Economy Watch: Global CRE Investment Forecast for Growth in ’17
- Jan 23, 2017
Investment in the world’s largest real estate markets—including major U.S. markets—will probably enjoy considerable strength this year, a new analysis by JLL predicted. In fact, global investment volumes are forecast to rise to about $700 billion this year, up from $650 in 2016, and roughly in line with investment levels experienced in 2014 and ’15, which were strong years worldwide. Some U.S. investment markets will be especially strong.
This trend in 2017, JLL said, will be supported by increased institutional allocations directed toward commercial real estate because such institutional investors are focusing on higher-yield opportunities. Also, new sources of capital are being unlocked from such growing countries as China, Taiwan and Malaysia. Moreover, the trend will grow beyond 2017. By 2020, cross-border investment globally could account for more than 50 percent of all activity (and as of third-quarter 2016, China outpaced the U.S. as the world’s largest cross-border investor in CRE).
Investment activity in the United States, the world’s largest real estate market, will remain strong in 2017. Currently, the U.S. is home to 16 of the top 30 cities for real estate investment, according to JLL’s ranking. New York is far and away the global leader, with more than $33.1 billion in transaction volumes during the first three quarters of 2016, or nearly double the activity of second-place London.

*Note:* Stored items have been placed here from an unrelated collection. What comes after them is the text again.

Lemma crossings_le s t : s <= t -> (crossings s <= crossings t)%Z.
Proof.
  intros H. unfold crossings.
  pose proof (crossings_of_le la s t H). pose proof (crossings_of_le lb s t H).
  pose proof (crossings_of_le lc s t H). lia.
Qed.

Lemma crossings_hit_times k : (crossings 0 + Z.of_nat k <= crossings (hit_times k))%Z.
Proof.
  induction k as [|k IH]; [simpl; lia|].
  pose proof (Rlt_le _ _ (hit_times_lt k)) as Hle. simpl in *.
  destruct (next_hit_spec (hit_times k)) as [[l [Hl Hnext]] _]. rewrite Hnext in *.
  pose proof (crossings_of_next_hit_of l (hit_times k) Hl).
  unfold crossings in *.
  pose proof (crossings_of_le la _ _ Hle). pose proof (crossings_of_le lb _ _ Hle).
  pose proof (crossings_of_le lc _ _ Hle). destruct l; lia.
Qed.

Lemma hit_times_unbounded t : exists K, t < hit_times K.
Proof.
  apply NNPP. intros Hbounded.
  set (K := S (Z.to_nat (crossings t - crossings 0))).
  assert (HK : hit_times K <= t) by (apply Rnot_lt_le; intros Hlt; apply Hbounded; eauto).
  pose proof (crossings_hit_times K). pose proof (crossings_le _ _ HK). unfold K in *. lia.
Qed.

Lemma hit_times_cover t l : 0 <= t -> hits th m t l -> exists k, hit_times k = t.
Proof.
  intros Ht Hh. destruct (hit_times_unbounded t) as [K HK].
  assert (Hbracket : exists k, hit_times k <= t < hit_times (S k)).
  { induction K as [|K IH]; [simpl in HK; lra|].
    destruct (Rlt_dec t (hit_times K)); [now apply IH | exists K; lra]. }
  destruct Hbracket as [k [[Hlt|Heq] H2]]; [|now exists k].
  exfalso. exact (no_hit_between_hit_times k t l (conj Hlt H2) Hh).
Qed.

Lemma billiard_word_exists : exists u, is_billiard_word th m u.
Proof.
  destruct (choice _ hit_times_hits) as [u Hu].
  exists u, hit_times. repeat split.
  - exact hit_times_lt.
  - exact hit_times_nonneg.
  - exact Hu.
  - exact hit_times_cover.
Qed.

End Billiard.
(* Let $Z=\bigsqcup_n Z_n$ be a bounded degree simplicial complex, where $(Z_n)_{n\in\mathbb{N}}$ is a $1$-dimensional bounded degree topological expander. Then for each $n$ there is a subcomplex $\Gamma_n\leq Z_n$ such that $(\Gamma_n)_{n\in\mathbb{N}}$ is a graphical expander.
   Context: A simplicial complex is the topological realisation of an abstract simplicial complex $(S,\mathcal S)$; bounded degree means $S$ countable and $\max_s|\{t\ne s:\{s,t\}\in\mathcal S\}|<\infty$. $|Z|$ denotes the number of $0$-simplices; closed simplices are sets of points whose support lies in a fixed element of $\mathcal S$; $\Gamma\le Z$ means an injection of $0$-simplices sending simplices to simplices. For finite $Z$ and continuous $f:Z\to\mathbb R^q$, ${}_s\mathrm{Ov}(f)=\max_{z}|\{\sigma\text{ closed simplex of }Z: z\in f(\sigma)\}|$ and ${}_s\mathrm{TO}^q(Z)=\min_f {}_s\mathrm{Ov}(f)$. A $1$-dimensional $(\Delta,\varepsilon)$-topological expander is a family $(Z_n)$ of finite $1$-dimensional simplicial complexes with $|Z_n|\to\infty$, $\deg(Z_n)\le\Delta$ and ${}_s\mathrm{TO}^1(Z_n)\ge\varepsilon|Z_n|$ for all $n$. For a finite graph $\Gamma$ with $n$ vertices, the vertex boundary $\partial A$ of $A\subseteq V\Gamma$ is the set of vertices outside $A$ adjacent to $A$, and $h(\Gamma)=\min\{|\partial A|/|A|: 0<|A|\le n/2\}$. A family $(\Gamma_n)$ of finite graphs is a graphical expander if $|V\Gamma_n|\to\infty$, $\sup_n\deg(\Gamma_n)<\infty$ and $\inf_n h(\Gamma_n)>0$. *)

From HB Require Import structures.
From mathcomp Require Import all_boot all_order all_algebra.
From mathcomp Require Import all_classical all_reals all_analysis.
Set Implicit Arguments. Unset Strict Implicit. Unset Printing Implicit Defensive.
Import Order.TTheory GRing.Theory Num.Theory.
Import numFieldNormedType.Exports.
Local Open Scope ring_scope.
Theorem mainTheorem3 (R : realFieldType) (I : instance R) :
  wf_instance I ->
  (exists routes b dep, feasible I routes b dep) ->
  exists routes b dep,
    optimal I routes b dep /\ compact_fragments I routes b dep.
Proof.
move=> wf /exists_min_cost_routes[routes [b [dep F]] min_cost].
exists routes, (compact_start I routes b dep), dep; split; last first.
  exact: compact_start_fragments.
by split; [exact: compact_feasible | exact: min_cost].
Qed.
(* Let $X$ be a set and $\sqsubseteq$ a binary relation on pairs of finite subsets of $X$ satisfying ($\iota_0$)–($\iota_4$). For finite $a\subseteq X$ define $$\mathrm{conv}_{\mathcal L}(a)=\{p\in X:\{p\}\sqsubseteq a\},\qquad \mathrm{conv}_{\mathcal U}(a)=\{p\in X: a\sqsubseteq\{p\}\},$$ and let $\mathcal L$ (resp. $\mathcal U$) be the family of all $A\subseteq X$ such that $\mathrm{conv}_{\mathcal L}(a)\subseteq A$ (resp. $\mathrm{conv}_{\mathcal U}(a)\subseteq A$) for every finite $a\subseteq A$. Then $(X,\mathcal L,\mathcal U)$ is a normal bi-convexity space satisfying, for all finite $a,b\subseteq X$, $$a\sqsubseteq b\iff \mathrm{conv}_{\mathcal U}(a)\cap\mathrm{conv}_{\mathcal L}(b)\neq\emptyset.$$
   Context: Axioms for a relation $\sqsubseteq$ on pairs of finite subsets of $X$ ($a,b,a',b',a_i,b_i$ finite, $p,q\in X$): ($\iota_0$) $\emptyset\not\sqsubseteq\emptyset$; ($\iota_1$) $a\sqsubseteq b$, $a\subseteq a'$, $b\subseteq b'$ imply $a'\sqsubseteq b'$; ($\iota_2$) $\{p\}\sqsubseteq\{q\}$ and $\{q\}\sqsubseteq\{p\}$ hold iff $p=q$; ($\iota_3$) $(a_0\cup\{p\})\sqsubseteq b_0$ and $a_1\sqsubseteq(b_1\cup\{p\})$ imply $(a_0\cup a_1)\sqsubseteq(b_0\cup b_1)$; ($\iota_4$) if $a\sqsubseteq b$ then there is $p\in X$ with $a\sqsubseteq\{p\}$ and $\{p\}\sqsubseteq b$. A convexity on $X$ is a family of subsets of $X$ closed under arbitrary intersections (so $X$ belongs to it) and unions of chains; $\mathrm{conv}(A)$ is the intersection of all convex sets containing $A$. A bi-convexity space $(X,\mathcal L,\mathcal U)$ consists of two convexities on $X$. It is normal if (N1) for all $x\neq y$ in $X$, either $\mathrm{conv}_{\mathcal L}\{x\}\cap\mathrm{conv}_{\mathcal U}\{y\}=\emptyset$ or $\mathrm{conv}_{\mathcal U}\{x\}\cap\mathrm{conv}_{\mathcal L}\{y\}=\emptyset$; and (N2) for all disjoint $A\in\mathcal L$, $B\in\mathcal U$ there is $H\in\mathcal U$ with $X\setminus H\in\mathcal L$, $B\subseteq H$ and $A\cap H=\emptyset$. *)

From mathcomp Require Import all_boot.
From mathcomp Require Import boolp classical_sets cardinality.
Set Implicit Arguments. Unset Strict Implicit. Unset Printing Implicit Defensive.
Local Open Scope classical_set_scope.

Section BiConvexity.
Variable X : Type.

(* A convexity: closed under arbitrary intersections (the empty intersection
   gives setT) and under unions of nonempty chains. *)
Definition convexity (C : set (set X)) : Prop :=
  (forall F : set (set X), F `<=` C -> C (\bigcap_(A in F) A)) /\
  (forall F : set (set X), F `<=` C -> F !=set0 ->
     (forall A B, F A -> F B -> A `<=` B \/ B `<=` A) ->
     C (\bigcup_(A in F) A)).

Definition hull (C : set (set X)) (A : set X) : set X :=
  \bigcap_(B in [set B | C B /\ A `<=` B]) B.

Definition normal_biconvexity (L U : set (set X)) : Prop :=
  [/\ convexity L, convexity U,
      (forall x y : X, x <> y ->
         hull L [set x] `&` hull U [set y] = set0 \/
         hull U [set x] `&` hull L [set y] = set0)
    & (forall A B : set X, L A -> U B -> A `&` B = set0 ->
         exists H : set X, [/\ U H, L (~` H), B `<=` H & A `&` H = set0])].

(* The relation is given on all subsets, but only its values on pairs of
   finite subsets matter; the axioms quantify over finite subsets only. *)
Definition iota_axioms (R : set X -> set X -> Prop) : Prop :=
  [/\ ~ R set0 set0,
      (forall a b a' b', finite_set a -> finite_set b -> finite_set a' ->
         finite_set b' -> R a b -> a `<=` a' -> b `<=` b' -> R a' b'),
      (forall p q : X, (R [set p] [set q] /\ R [set q] [set p]) <-> p = q),
      (forall (a0 b0 a1 b1 : set X) (p : X), finite_set a0 -> finite_set b0 ->
         finite_set a1 -> finite_set b1 ->
         R (a0 `|` [set p]) b0 -> R a1 (b1 `|` [set p]) ->
         R (a0 `|` a1) (b0 `|` b1))
    & (forall a b, finite_set a -> finite_set b -> R a b ->
         exists p : X, R a [set p] /\ R [set p] b)].

Definition convL (R : set X -> set X -> Prop) (a : set X) : set X :=
  [set p | R [set p] a].
Definition convU (R : set X -> set X -> Prop) (a : set X) : set X :=
  [set p | R a [set p]].

Definition familyL (R : set X -> set X -> Prop) : set (set X) :=
  [set A | forall a, finite_set a -> a `<=` A -> convL R a `<=` A].
Definition familyU (R : set X -> set X -> Prop) : set (set X) :=
  [set A | forall a, finite_set a -> a `<=` A -> convU R a `<=` A].

End BiConvexity.

From mathcomp Require Import all_boot.
From mathcomp Require Import boolp classical_sets cardinality.

Set Implicit Arguments.
Unset Strict Implicit.
Unset Printing Implicit Defensive.
Local Open Scope classical_set_scope.

Local Hint Resolve finite_set0 finite_set1 : core.

(* Axiom (ι3) is a cut rule: a point of conv_L(a) may be replaced by a on the
   right of the relation, and dually.  Hence conv_L(a) and conv_U(a) are
   themselves closed and contain the hulls of a, which gives (N1) and, with
   (ι4), the description of the relation by meeting hulls.  For (N2), Zorn's
   lemma extends the pair (B, A) to a maximal pair (U, L) that is not linked
   (no finite u ⊆ U, l ⊆ L with u ⊑ l).  By the cut rule every point can join
   one of the two sides, so U ∪ L = X, and U is the required half-space. *)

Lemma finite_set_ind (T : Type) (P : set T -> Prop) :
  P set0 -> (forall A x, finite_set A -> P A -> P (A `|` [set x])) ->
  forall A, finite_set A -> P A.
Proof.
elim/Peq: T P => T P P0 PS A /finite_seqP[s ->].
elim: s => [|x s IH]; first by rewrite set_nil.
have -> : [set` (x :: s)] = [set` s] `|` [set x].
  apply/seteqP; split=> y /=; rewrite inE.
    by case/orP=> [/eqP->|]; [right|left].
  by case=> [->|->]; rewrite ?eqxx ?orbT.
by apply: PS => //; apply: finite_seq.
Qed.

Lemma finite_sub_chain (T : Type) (D : set T) (F : set (set T)) (w : set T) :
  total_on F subset -> finite_set w -> w `<=` D `|` \bigcup_(S in F) S ->
  w `<=` D \/ exists2 S, F S & w `<=` D `|` S.
Proof.
move=> chF; move: w; apply: finite_set_ind => [|w x _ IH] wsub; first by left.
have {}IH := IH (subset_trans (@subsetUl _ w [set x]) wsub).
have [xD|[S' FS' S'x]] := wsub x (or_intror erefl).
  case: IH => [wD|[S FS wS]]; [left|right; exists S => //].
    by move=> y [/wD|->].
  by move=> y [/wS|->]; last left.
right; case: IH => [wD|[S FS wS]].
  by exists S' => // y [/wD|->]; [left|right].
have [SS'|S'S] := chF S S' FS FS'.
  by exists S' => // y [/wS [|/SS']|->]; [left|right|right].
by exists S => // y [/wS|->]; last by right; apply: S'S.
Qed.

Definition finitary_closed (T : Type) (c : set T -> set T) : set (set T) :=
  [set A | forall a, finite_set a -> a `<=` A -> c a `<=` A].

Lemma convexity_finitary_closed (T : Type) (c : set T -> set T) :
  convexity (finitary_closed c).
Proof.
split=> [F FC a fa aF x cax A FA|F FC [S0 FS0] chF a fa aF x cax].
  by apply: (FC A FA a fa) => // y /aF; apply.
have := @finite_sub_chain _ set0 F a chF fa; rewrite set0U => /(_ aF).
case=> [a0|[S FS aS]].
  by exists S0 => //; apply: (FC S0 FS0 a fa) => // y /a0.
by exists S => //; apply: (FC S FS a fa) => //; rewrite set0U in aS.
Qed.

Lemma hull_sub (T : Type) (C : set (set T)) (A B : set T) :
  C B -> A `<=` B -> hull C A `<=` B.
Proof. by move=> CB AB x; apply. Qed.

Lemma iota_axioms_flip (X : Type) (R : set X -> set X -> Prop) :
  iota_axioms R -> iota_axioms (fun a b => R b a).
Proof.
case=> iota0 iota1 iota2 iota3 iota4; split => //.
- by move=> a b a' b' fa fb fa' fb' Rba ab ba'; exact: (iota1 b a).
- by move=> p q; rewrite -(iota2 p q); split=> -[].
- move=> a0 b0 a1 b1 p fa0 fb0 fa1 fb1 R1 R2.
  by rewrite [a0 `|` _]setUC [b0 `|` _]setUC; exact: (iota3 b1 a1 b0 a0 p).
- by move=> a b fa fb /(iota4 _ _ fb fa)[p []]; exists p.
Qed.

Section Consequences.
Variables (X : Type) (R : set X -> set X -> Prop).
Hypothesis HR : iota_axioms R.

Lemma iota_refl p : R [set p] [set p].
Proof. by case: HR => _ _ iota2 _ _; have [_ /(_ erefl) []] := iota2 p p. Qed.

Lemma iota_mono a b a' b' : finite_set a' -> finite_set b' ->
  R a b -> a `<=` a' -> b `<=` b' -> R a' b'.
Proof.
case: HR => _ iota1 _ _ _ fa' fb' Rab aa' bb'.
by apply: (iota1 a b) => //;
  [exact: sub_finite_set aa' fa'|exact: sub_finite_set bb' fb'].
Qed.

Lemma iota_cut1 a d e x : finite_set a -> finite_set d -> finite_set e ->
  R [set x] a -> R d (e `|` [set x]) -> R d (e `|` a).
Proof.
case: HR => _ _ _ iota3 _ fa fd fe Rxa Rdx.
have := iota3 set0 a d e x (finite_set0 _) fa fd fe.
by rewrite !set0U [a `|` e]setUC; apply.
Qed.

Lemma iota_trans1 a b p : finite_set a -> finite_set b ->
  R a [set p] -> R [set p] b -> R a b.
Proof.
move=> fa fb Rap Rpb.
by have := iota_cut1 fb fa (finite_set0 _) Rpb; rewrite !set0U; apply.
Qed.

Lemma iota_cut a c d e : finite_set a -> finite_set c -> finite_set d ->
  finite_set e -> c `<=` convL R a -> R d (e `|` c) -> R d (e `|` a).
Proof.
move=> fa fc fd; move: c fc e; apply: finite_set_ind => [|c x fc IH] e fe ca Rdc.
  by rewrite setU0 in Rdc; apply: iota_mono Rdc _ _ => //; rewrite ?finite_setU.
have Rdca : R d (e `|` c `|` a).
  apply: iota_cut1 => //; first by rewrite finite_setU.
    by apply: ca; right.
  by rewrite -setUA.
move: Rdca; rewrite setUAC => /IH; rewrite -setUA setUid; apply.
- by rewrite finite_setU.
- by move=> y cy; apply: ca; left.
Qed.

Lemma convL_closed a : finite_set a -> familyL R (convL R a).
Proof.
move=> fa c fc ca q Rqc.
by have := iota_cut fa fc (finite_set1 q) (finite_set0 _) ca; rewrite !set0U; apply.
Qed.

Lemma hull_convL_sub a : finite_set a -> hull (familyL R) a `<=` convL R a.
Proof.
move=> fa; apply: hull_sub; first exact: convL_closed.
by move=> p ap; apply: iota_mono (iota_refl p) _ _ => // y ->.
Qed.

Lemma iota_iff_meet a b : finite_set a -> finite_set b ->
  R a b <-> convU R a `&` convL R b !=set0.
Proof.
move=> fa fb; split; last by case=> p [Rap Rpb]; exact: iota_trans1 Rap Rpb.
by case: HR => _ _ _ _ iota4 /(iota4 a b fa fb)[p []]; exists p.
Qed.

End Consequences.

Lemma hull_convU_sub (X : Type) (R : set X -> set X -> Prop) :
  iota_axioms R -> forall a, finite_set a -> hull (familyU R) a `<=` convU R a.
Proof. by move=> HR a; exact: (hull_convL_sub (iota_axioms_flip HR)). Qed.

Section Normality.
Variables (X : Type) (R : set X -> set X -> Prop).
Hypothesis HR : iota_axioms R.

Lemma hull_singletons_disjoint x y : x <> y ->
  hull (familyL R) [set x] `&` hull (familyU R) [set y] = set0 \/
  hull (familyU R) [set x] `&` hull (familyL R) [set y] = set0.
Proof.
move=> xy.
have [->|/set0P[z [zLx zUy]]] :=
  eqVneq (hull (familyL R) [set x] `&` hull (familyU R) [set y]) set0.
  by left.
right; apply/seteqP; split=> // w [wUx wLy]; apply: xy.
have hL p := hull_convL_sub HR (finite_set1 p).
have hU p := hull_convU_sub HR (finite_set1 p).
case: HR => _ _ iota2 _ _; apply/iota2; split.
- exact: (iota_trans1 HR _ _ (hU _ _ wUx) (hL _ _ wLy)).
- exact: (iota_trans1 HR _ _ (hU _ _ zUy) (hL _ _ zLx)).
Qed.

Definition linked (U L : set X) : Prop :=
  exists u l, [/\ finite_set u, finite_set l, u `<=` U, l `<=` L & R u l].

Lemma linked_mono U L U' L' : U `<=` U' -> L `<=` L' -> linked U L -> linked U' L'.
Proof.
move=> UU' LL' [u [l [fu fl uU lL Rul]]].
by exists u, l; split=> // y; [move/uU/UU'|move/lL/LL'].
Qed.

Lemma linked_cut U L x :
  linked (U `|` [set x]) L -> linked U (L `|` [set x]) -> linked U L.
Proof.
move=> [u2 [l2 [fu2 fl2 uU2 lL2 R2]]] [u1 [l1 [fu1 fl1 uU1 lL1 R1]]].
case: (HR) => _ _ _ iota3 _.
have fu2' : finite_set (u2 `&` U) by exact: finite_setIl.
have fl1' : finite_set (l1 `&` L) by exact: finite_setIl.
exists (u2 `&` U `|` u1), (l2 `|` l1 `&` L); split.
- by rewrite finite_setU.
- by rewrite finite_setU.
- by move=> y [[]|/uU1].
- by move=> y [/lL2|[]].
apply: (iota3 _ _ _ _ x) => //.
  apply: iota_mono R2 _ _ => //; first by rewrite finite_setU.
  by move=> y u2y; case: (uU2 y u2y) => [Uy|->]; [left|right].
apply: iota_mono R1 _ _ => //; first by rewrite finite_setU.
by move=> y l1y; case: (lL1 y l1y) => [Ly|->]; [left|right].
Qed.

Lemma not_linked_disjoint A B :
  familyL R A -> familyU R B -> A `&` B = set0 -> ~ linked B A.
Proof.
move=> LA UB AB [u [l [fu fl uB lA /(iota_iff_meet HR fu fl)[p [up lp]]]]].
have : (A `&` B) p by split; [exact: LA l fl lA p lp|exact: UB u fu uB p up].
by rewrite AB.
Qed.

Lemma not_linked_cover A B :
  familyL R A -> familyU R B -> A `&` B = set0 ->
  exists U L, [/\ B `<=` U, A `<=` L, ~ linked U L & forall x, U x \/ L x].
Proof.
move=> LA UB AB.
(* A pair of sets (U, L) is encoded as the tagged set {(true, u)} ∪ {(false, l)},
   so that Zorn_bigcup applies; every candidate pair contains base = (B, A). *)
pose side b (S : set (bool * X)) := [set x | S (b, x)].
pose base := [set z : bool * X | if z.1 then B z.2 else A z.2].
pose sep S := ~ linked (side true (base `|` S)) (side false (base `|` S)).
have sep0 := not_linked_disjoint LA UB AB.
have [M [sepM maxM]] : exists M, sep M /\ forall S, M `<` S -> ~ sep S.
  apply: Zorn_bigcup => F Fsep chF [u [l [fu fl uF lF Rul]]].
  pose w := pair true @` u `|` pair false @` l.
  have fw : finite_set w by rewrite finite_setU; split; apply: finite_image.
  have wF : w `<=` base `|` \bigcup_(S in F) S.
    by move=> _ [[y /uF ? <-]|[y /lF ? <-]].
  case: (finite_sub_chain chF fw wF) => [wbase|[S FS wS]].
    apply: sep0; exists u, l; split=> // y ?.
      by apply: (wbase (true, y)); left; exists y.
    by apply: (wbase (false, y)); right; exists y.
  apply: (Fsep S FS); exists u, l; split=> // y ?.
    by apply: (wS (true, y)); left; exists y.
  by apply: (wS (false, y)); right; exists y.
exists (side true (base `|` M)), (side false (base `|` M)); split=> //.
- by move=> y; left.
- by move=> y; left.
move=> x; apply: contrapT => /not_orP[nU nL].
have grow b : ~ side b (base `|` M) x -> ~ sep (M `|` [set (b, x)]).
  apply: contra_not => sepMx; apply: contrapT => nb; apply: maxM sepMx.
  split; first exact: subsetUl.
  by move=> /(_ (b, x) (or_intror erefl)) Mbx; apply: nb; right.
apply: sepM; apply: (@linked_cut _ _ x).
- apply: linked_mono (contrapT (grow true nU)).
    by move=> y [By|[My|[->]]]; [left; left|left; right|right].
  by move=> y [By|[My|//]]; [left|right].
- apply: linked_mono (contrapT (grow false nL)).
    by move=> y [By|[My|//]]; [left|right].
  by move=> y [By|[My|[->]]]; [left; left|left; right|right].
Qed.

Lemma normal_separation A B :
  familyL R A -> familyU R B -> A `&` B = set0 ->
  exists H, [/\ familyU R H, familyL R (~` H), B `<=` H & A `&` H = set0].
Proof.
move=> LA UB AB; have [U [L [BU AL sepUL cover]]] := not_linked_cover LA UB AB.
exists U; split=> //.
- move=> b fb bU p Rbp; case: (cover p) => // Lp; case: sepUL.
  by exists b, [set p]; split=> // y ->.
- move=> a fa aL p Rpa Up; apply: sepUL.
  exists [set p], a; split=> // [y -> //|y /aL].
  by case: (cover y).
- apply/seteqP; split=> // y [/AL Ly Uy]; case: sepUL.
  by exists [set y], [set y]; split=> // [z ->|z ->|]; last exact: iota_refl.
Qed.

End Normality.

Theorem mainTheorem10 (X : Type) (R : set X -> set X -> Prop) :
  iota_axioms R ->
  normal_biconvexity (familyL R) (familyU R) /\
  (forall a b : set X, finite_set a -> finite_set b ->
     (R a b <-> convU R a `&` convL R b !=set0)).
Proof.
move=> HR; split; last exact: iota_iff_meet.
split.
- exact: (convexity_finitary_closed (convL R)).
- exact: (convexity_finitary_closed (convU R)).
- exact: hull_singletons_disjoint.
- exact: normal_separation.
Qed.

Los Angeles is in third position (ahead of both Tokyo and Paris), with a 22 percent increase in investment volume over the first nine months of 2016 to $15.7 billion, due to an increase in foreign investment. On the other hand, San Francisco dropped out of the top 12 markets for investment, having occupied one of the top spots for several years, with investment levels off 46 percent during the first three quarters of 2016 compared with the same period a year earlier. Washington DC (6th) and Chicago (8th) held their positions on JLL’s ranking, despite modest falls in volumes in 2016.